Advantageously, the LED light source may be arranged in such a manner that its light also shines on the filter. Thus, the breathing air as well as the filter material are simultaneously and continually disinfected.
A further advantageous measure may consist in a cooling device being associated with the LED light source, which comprises a cooling body expediently provided on the slide and communicating with the surrounding. In addition or alternatively hereto provision may be made for the warmth of the LED light source to be used for drying the filter.
Expediently, the bushing may be designed as an USB bushing which is connectable to a portable power bank via an USB cable, These measures permit a particularly long time of use.

Further advantageous embodiments and expedient further developments of the main-claim measures will be evident from the description of an example given below in conjunction with the accompanying drawings, wherein

FIG. 1 is a perspective view of a respiratory protection mask according to the invention;

FIG. 2 shows the arrangement according to FIG. 1 with the slide pulled out;

FIG. 3 shows an exploded view of the housing of the arrangement according to FIG. 2 with the slide pulled out;

FIG. 4 shows the arrangement according FIG. 1 ready for use;

FIG. 5 shows a top view of a variation of the arrangement according to FIG. 1 with an angle-shaped housing;

FIG. 6 shows an example of a double slide arrangement;

FIG. 7 shows a perspective view of the arrangement according to FIG. 5 from diagonally below and

FIG. 8 is an example of an electronic circuit associated with the UV light source.

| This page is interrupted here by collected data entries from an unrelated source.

Lemma bad_event_depends (S : {set T}) : depends_on (pairs S) (bad_event S).
Proof.
move=> f g fg; rewrite /bad_event; case: ifP => _; [|case: ifP => _]; rewrite !inE //;
  by apply: eq_forallb_in => t /fg ->.
Qed.

Lemma avoid_depends (S : {set T}) (V : {set {set T}}) : [disjoint V & S |: dependents S] ->
  depends_on (~: pairs S) (avoid bad_event V).
Proof.
move=> disjV f g fg; rewrite !inE; apply: eq_forallb_in => S' S'V; congr negb.
apply: bad_event_depends => t tS'; apply: fg; rewrite inE.
apply: contraFN (disjointFr disjV S'V).
rewrite !inE => /andP[tS /eqP card_t]; case: eqP => //= _.
by rewrite -card_t subset_leq_card // subsetI tS; case/setIdP: tS'.
Qed.

Lemma card_dependents_s (S : {set T}) :
  (#|[set S' in dependents S | #|S'| == s]| <= 'C(#|S|, 2) * 'C(n - 2, s - 2))%N.
Proof.
rewrite -cards_draws.
apply: (@card_le_mul_cover _ _ [set S' in dependents S | #|S'| == s] (pairs S)
  (fun S' t => t \subset S')).
  move=> S'; rewrite !inE => /andP[/andP[_ /exists_subset_card[t]]].
  rewrite subsetI => /andP[tS tS'] card_t _.
  by exists t; rewrite // inE tS card_t.
move=> t; rewrite inE => /andP[_ /eqP card_t].
apply: leq_trans (card_supersets_le s card_t); apply/subset_leq_card/subsetP => S'.
by rewrite !inE => /andP[/andP[_ ->] ->].
Qed.

Lemma card_dependents_k (S : {set T}) :
  (#|[set S' in dependents S | #|S'| == k]| <= 'C(n, k))%N.
Proof.
by rewrite -card_draws; apply/subset_leq_card/subsetP => S'; rewrite !inE => /andP[_ ->].
Qed.

Lemma prod_dependents_ge (S : {set T}) :
  (1 - xs) ^+ ('C(#|S|, 2) * 'C(n - 2, s - 2)) * (1 - xk) ^+ 'C(n, k)
  <= \prod_(S' in dependents S) (1 - event_bound S').
Proof.
have xs_01 : 0 <= 1 - xs <= 1 by rewrite subr_ge0 ltW //= lerBlDr lerDl.
have xk_01 : 0 <= 1 - xk <= 1 by rewrite subr_ge0 ltW //= lerBlDr lerDl.
rewrite (bigID (fun S' : {set T} => #|S'| == s)) /=.
rewrite [X in _ <= _ * X](bigID (fun S' : {set T} => #|S'| == k)) /=.
rewrite [X in _ <= _ * (_ * X)]big1 ?mulr1; last first.
  by move=> S' /andP[/andP[_ /negbTE S's] /negbTE S'k]; rewrite /event_bound S's S'k subr0.
have -> : \prod_(S' in dependents S | #|S'| == s) (1 - event_bound S') =
    (1 - xs) ^+ #|[set S' in dependents S | #|S'| == s]|.
  rewrite -prodr_const; apply: eq_big => [S'|S' /andP[_ /eqP card_S']].
    by rewrite !inE.
  by rewrite /event_bound card_S' eqxx.
have -> : \prod_(S' | (S' \in dependents S) && (#|S'| != s) && (#|S'| == k))
    (1 - event_bound S') = (1 - xk) ^+ #|[set S' in dependents S | #|S'| == k]|.
  rewrite -prodr_const; apply: eq_big => [S'|S' /andP[/andP[_ /negbTE S's] S'k]].
    rewrite !inE; case: (#|S'| =P k) => [->|_]; rewrite ?andbF ?andbT //.
    by rewrite [k == s]eq_sym s_neq_k andbT.
  by rewrite /event_bound S's S'k.
case/andP: xs_01 => xs0 xs1; case/andP: xk_01 => xk0 xk1.
by apply: ler_pM; rewrite ?exprn_ge0 // ler_wiXn2l // ?card_dependents_s ?card_dependents_k.
Qed.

The respiratory protection mask 1 underlying FIG. 1 contains a face mask part 2 to be worn in front of the wearers face covering mouth and nose and further a device 3 associated with the face mask part 2, with a housing 4 preferably detachably attachable to the face mask part 2. The face mask part 2 essentially consists of textile material, preferably of neoprene or a material exhibiting similar properties, and is provided with a connecting piece 5 to which the housing 4 is detachably connectable. For securing reasons, provision may expediently be made for a bayonet fitting. The internal area of the housing 4 is designed as an air radiation chamber for disinfecting and/or sterilizing the air passing through and possesses an input communicating with the environment and an output communicating with the internal area of the face mask part 2.
Accordingly, the air irradiation chamber of the housing 4 is arranged upstream of the internal area of the lace mask part 2. The air inhaled by the wearer passes through the air irradiation chamber 16 of the housing 4 before it reaches the internal area of the face mask part 2. The air reaching the internal area of the face mask part 2 may expediently be filtered for the purpose of removing solids. For this purpose, a suitable solid matter filter may be arranged in the region of the connecting piece 5 and/or the housing 4, preferably in the region of the output and/or input of the housing 4. Advantageously, the said filter may consist of an aerogel. In simple cases, however, it is also conceivable to do without such filters. In the case a filter is provided, it will advantageously continuously be disinfected.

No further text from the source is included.